Cross posted from http://caucus99percent.com
open thread, Treaty of New Echota, Wounded Knee Massacre, HMS Warrior, Pablo Casals, Billy Tipton, Matt Murphy, Marianne Faithfull,Rick Danko, Freddie Hubbard,



Comments
Good morning...
I live on the Trail of Tears. A couple of miles away is one of the many forts where the Cherokee were rounded up. Nearby was the cabin where Sequoyah (George Gist) developed the Cherokee syllabary. In fact I live in Cherokee County.
They discovered gold in Georgia which influenced the decision to displace these first nations peoples. However, many escaped and hid. About 8% of my students were classified as native American, although you wouldn't recognize them as such. North Carolina has many more Cherokee.
The wealthy slave owning Cherokee took river boats up the Tennessee to the Ohio down the Mississippi and then by horse and wagon across Arkansas. Wealthy folks seem to always have an easier journey.
Thanks for all the music and OT!
“Until justice rolls down like water and righteousness like a mighty stream.”
Good morning Lookout. It is interesting that the
wealthy Cherokee escaped via the river route. That looks to be a very interesting map, though I can't zoom it enough to read the legend.
Thanks for reading
be well and have a good one
That, in its essence, is fascism--ownership of government by an individual, by a group, or by any other controlling private power. -- Franklin D. Roosevelt --
And there was also
1864's Sand Creek dinner party, which specifically targeted women and children- some of whom might have grown up to be terrorists, after all. We've always done this with brown people who might be engaging in Wrongthink: regrettably, this is who we are.
13degF this AM- our absurdly long Indian summer finally broke temporarily on the 27th, and we got (wait for it) 0.5" of snow. Denver set an all-time high on Christmas Day at 72degF, and the Colorado snowpack is at its all-time historic low for the date. Wednesday's high will be back to 62degF, and the 10-day calls for no precip and daily highs in the 60s. So we're back to Indian fall, I guess. we're getting a second crop of parsley, sprouting from the stumps of this summer's growth. I've popped a transparent cover over them, and we'll make hay while the sun shines.

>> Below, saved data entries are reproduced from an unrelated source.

Lemma Gam_near_ray n s : 0 <= s -> s + D + 1 <= INR n -> d (Gam n s) (xi s) <= 2 * D.
Proof.
  intros Hs Hn.
  assert (HD : 0 <= D) by apply metric_nonneg.
  pose proof (L_near n) as HL.
  pose proof (ratio_unit s (INR n) Hs ltac:(lra) ltac:(lra)) as Hl.
  assert (Hgam : d (gam n (s / INR n)) (xi s) <= D).
  { pose proof (dist_geodesics_convex _ _ _ _ _ _ (s / INR n) (gam_geodesic n)
                  (ray_segment xi 0 (INR n) Rxi (Rle_refl 0) ltac:(lra)) Hl) as H.
    cbv beta in H. replace (0 + s / INR n * INR n) with s in H by (field; lra).
    rewrite Rplus_0_l, metric_refl in H. fold D in H. nra. }
  assert (HGam : d (Gam n s) (gam n (s / INR n)) <= D).
  { unfold Gam.
    rewrite (proj2 (proj2 (gam_geodesic n))) by (auto; apply ratio_unit; lra). fold (L n).
    replace (s / L n - s / INR n) with (s / INR n * ((INR n - L n) / L n)) by (field; lra).
    rewrite Rabs_mult, (Rabs_right (s / INR n)), Rabs_div, (Rabs_right (L n)) by lra.
    replace (s / INR n * (Rabs (INR n - L n) / L n) * L n) with (s / INR n * Rabs (INR n - L n))
      by (field; lra).
    assert (Rabs (INR n - L n) <= D) by (apply Rabs_le_between; lra). nra. }
  pose proof (metric_triangle (Gam n s) (gam n (s / INR n)) (xi s)). lra.
Qed.

Let eta (s : R) : X := epsilon (inhabits y) (fun l => conv_to d (fun n => Gam n s) l).

Lemma eta_limit s : 0 <= s -> conv_to d (fun n => Gam n s) (eta s).
Proof. intros Hs. apply epsilon_spec, Hcomp, Gam_cauchy, Hs. Qed.

Lemma asymptotic_ray_exists :
  exists eta, geodesic_ray X d eta /\ eta 0 = y /\ asymptotic X d xi eta.
Proof.
  assert (HD : 0 <= D) by apply metric_nonneg.
  exists eta. split; [|split].
  - intros s t Hs Ht.
    enough (Rabs (s - t) <= d (eta s) (eta t) <= Rabs (s - t)) by lra.
    apply (conv_to_dist_bounds _ _ _ _ _ _ (eta_limit s Hs) (eta_limit t Ht)).
    destruct (eventually_ge (s + t + D + 1)) as [N HN]. exists N. intros n Hn.
    specialize (HN n Hn). pose proof (L_near n). rewrite Gam_dist by lra. lra.
  - apply metric_eq0.
    enough (0 <= d (eta 0) y <= 0) by lra.
    apply (conv_to_dist_bounds _ (fun _ => y) _ _ 0 0 (eta_limit 0 (Rle_refl 0))
             (conv_to_const y)).
    exists 0%nat. intros n _. rewrite Gam_0, metric_refl. lra.
  - exists (2 * D). intros s Hs. rewrite metric_sym.
    enough (0 <= d (eta s) (xi s) <= 2 * D) by lra.
    apply (conv_to_dist_bounds _ (fun _ => xi s) _ _ 0 (2 * D) (eta_limit s Hs)
             (conv_to_const (xi s))).
    destruct (eventually_ge (s + D + 1)) as [N HN]. exists N. intros n Hn.
    split; [apply metric_nonneg | apply Gam_near_ray; auto].
Qed.
End AsymptoticRay.

Definition cluster_point (x : nat -> X) (c : X) : Prop :=
  forall eps, 0 < eps -> forall M, exists n, (M <= n)%nat /\ d (x n) c < eps.

Lemma not_cluster_point (x : nat -> X) (c : X) : ~ cluster_point x c ->
  exists eps M, 0 < eps /\ forall n, (M <= n)%nat -> eps <= d (x n) c.
Proof.
  intros Hc. apply NNPP. intro Hn. apply Hc. intros eps Heps M.
  apply NNPP. intro Hm. apply Hn. exists eps, M. split; [exact Heps |].
  intros n HMn. apply Rnot_lt_le. intro Hlt. apply Hm. exists n. auto.
Qed.

Lemma ball_open x r : Defs.open_set X d (Defs.ball X d x r).
Proof.
  intros y Hy. unfold Defs.ball in *. exists (r - d x y). split; [lra |].
  intros z Hz. pose proof (metric_triangle x y z). lra.
Qed.

Lemma compact_cluster_point (K : X -> Prop) (w : nat -> X) :
  compact_set X d K -> (forall n, K (w n)) -> exists c, cluster_point w c.
Proof.
  intros HK Hw. apply NNPP. intro Hno.
  (* cover [K] by balls, each of which [w] eventually avoids *)
  set (I := {p : X * (R * nat) | 0 < fst (snd p) /\
              forall n, (snd (snd p) <= n)%nat -> fst (snd p) <= d (w n) (fst p)}).
  destruct (HK I (fun i => Defs.ball X d (fst (proj1_sig i)) (fst (snd (proj1_sig i))))) as [l Hl].
  - intro i. apply ball_open.
  - intros c _.
    destruct (not_cluster_point w c (fun H => Hno (ex_intro _ c H))) as [eps [M [Heps HM]]].
    exists (exist _ (c, (eps, M)) (conj Heps HM)). unfold Defs.ball. cbn.
    rewrite metric_refl. exact Heps.
  - set (f := fun i : I => snd (snd (proj1_sig i))).
    set (M := list_max (map f l)).
    destruct (Hl (w M) (Hw M)) as [[[c [eps N]] [Heps HN]] [Hi Hball]].
    assert (HNM : (N <= M)%nat).
    { pose proof (proj1 (list_max_le (map f l) M) (le_n _)) as HF.
      rewrite Forall_forall in HF. apply (HF (f (exist _ (c, (eps, N)) (conj Heps HN)))).
      apply in_map, Hi. }
    pose proof (HN M HNM) as Hfar. unfold Defs.ball in Hball. cbn in Hball, Hfar.
    rewrite metric_sym in Hfar. lra.
Qed.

I hope that those downstream who expect water from the Rockies have made alternate plans. Unless things change, and quite radically, this is not the year for it.

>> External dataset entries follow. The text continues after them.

(* For all nonnegative integers $L,M$, \[ \sum_{j\in\mathbb{Z}}(-1)^j q^{\frac{1}{2}j(5j+3)} \begin{bmatrix}L+M+j\\ M-j-1\end{bmatrix}\begin{bmatrix}L+M-j\\ M+j\end{bmatrix} =\sum_{n\geq 0}q^{n(n+1)}\begin{bmatrix}2L+M-n\\ 2L+1\end{bmatrix}\begin{bmatrix}L\\ n\end{bmatrix}. \]
   Context: $(x;q)_n=\prod_{i=0}^{n-1}(1-xq^i)$, $(q)_n=(q;q)_n$. The $q$-binomial coefficient is $\begin{bmatrix}n\\ m\end{bmatrix}=\frac{(q)_n}{(q)_m(q)_{n-m}}$ if $m$ and $n-m$ are nonnegative integers and $0$ otherwise. *)

(* q is a formal variable: we work in the field of rational
   functions Q(q) = {fraction {poly rat}}, with q := 'X. *)
From HB Require Import structures.
From mathcomp Require Import all_boot all_order all_algebra fraction.
Set Implicit Arguments. Unset Strict Implicit. Unset Printing Implicit Defensive.
Import Order.TTheory GRing.Theory Num.Theory.
Local Open Scope ring_scope.

Notation RF := {fraction {poly rat}}.

Definition qF : RF := tofrac ('X : {poly rat}).

Definition qpoch (x : RF) (n : nat) : RF := \prod_(i < n) (1 - x * qF ^+ i).

Definition qfac (n : nat) : RF := qpoch qF n.

Definition qbinom (n m : int) : RF :=
  if (0 <= m) && (0 <= n - m)
  then qfac `|n|%N / (qfac `|m|%N * qfac `|n - m|%N)
  else 0.

From HB Require Import structures.
From mathcomp Require Import all_boot all_order all_algebra fraction.
From mathcomp Require Import ring zify.

Set Implicit Arguments.
Unset Strict Implicit.
Unset Printing Implicit Defensive.
Import Order.TTheory GRing.Theory Num.Theory.
Local Open Scope ring_scope.

(* Besides the left side F(L, M) of the identity consider the bilateral sums
   G(L, M) and H(L, M) with exponents j(5j+1)/2 and j(5j-1)/2 and binomials
   [L+M+j; M-j] [L+M-j; M+j] and [L+M-1+j; M-1-j] [L+M-j; M-1+j]; besides
   the right side consider the sums obtained by replacing its factor
   q^(n(n+1)) [2L+M-n; 2L+1] with q^(n^2) [2L+M-n; 2L] and with
   q^(n^2) [2L+M-n; 2L+1].  Both triples satisfy
     F(L, M+1)     = F(L, M) + q^M G(L, M),
     H(L, M+1)     = G(L, M) + q^(2L+1) H(L, M),
     G(L+1, M+1)   = G(L+1, M) + q^(M+1) (H(L, M+2) + F(L, M+1)),
   with F(L, 0) = H(L, 0) = 0 and G(L, 0) = G(0, M) = 1, which determine them.
   On the positive side each recurrence is q-Pascal applied termwise (with the
   shift n -> n+1 for F in the last one).  On the bilateral side q-Pascal
   leaves a defect term which is odd under a reflection of j and therefore
   telescopes to a vanishing boundary term. *)

Section IntegerWindowSums.

Variable V : zmodType.
Implicit Types f g : int -> V.

Definition zsum (B : nat) f : V := f 0 + \sum_(n < B) (f n.+1%:Z + f (- n.+1%:Z)).

Lemma zsum0 f : zsum 0 f = f 0.
Proof. by rewrite /zsum big_ord0 addr0. Qed.

Lemma zsumS B f : zsum B.+1 f = zsum B f + (f B.+1%:Z + f (- B.+1%:Z)).
Proof. by rewrite /zsum big_ord_recr addrA. Qed.

Lemma eq_zsum B f g : f =1 g -> zsum B f = zsum B g.
Proof. by move=> fg; rewrite /zsum fg; congr (_ + _); apply: eq_bigr => n _; rewrite !fg. Qed.

Lemma zsumD B f g : zsum B (fun j => f j + g j) = zsum B f + zsum B g.
Proof. by rewrite /zsum (eq_bigr _ (fun n _ => addrACA _ _ _ _)) big_split addrACA. Qed.

Lemma zsum_reflect B f : zsum B (fun j => f (- j)) = zsum B f.
Proof.
by rewrite /zsum oppr0; congr (_ + _); apply: eq_bigr => n _; rewrite opprK addrC.
Qed.

Lemma zsum_widen B B' f :
  (forall j, B%:Z < `|j| -> f j = 0) -> (B <= B')%N -> zsum B' f = zsum B f.
Proof.
move=> f_supp; elim: B' => [|B' IHB'] le_BB'; first by have -> : B = 0%N by lia.
have [lt_BB' | ge_BB'] := ltnP B B'.+1; last by have -> : B = B'.+1 by lia.
by rewrite zsumS IHB' ?(f_supp B'.+1%:Z) ?(f_supp (- B'.+1%:Z)) ?addr0 //; lia.
Qed.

Twice bitten, permanently shy.
Good morning UFS. There are a great number of such
massacres, many of them very little known. I just today learned of "The Battle of Cheyenne Hole" (1875, Kansas) the army aided and abetted by buffalo huntres attacked a sleeping Cheyenne village. After the opening fire the Cheyenne surrendered under a white flag and the troops shot them down. A bit later a group of women and children came out, also under a white flag and were also shot down. Some Cheyenne tried to hide in the sane and in a large hole in the ground, but they were tracked down and killed. It is our history and our shame, even those who came here l-ng after, we all inherit it because it is tied to the land and is embedded in our politics and domestic and foreign policy, it is, as it were, our national "corporate culture".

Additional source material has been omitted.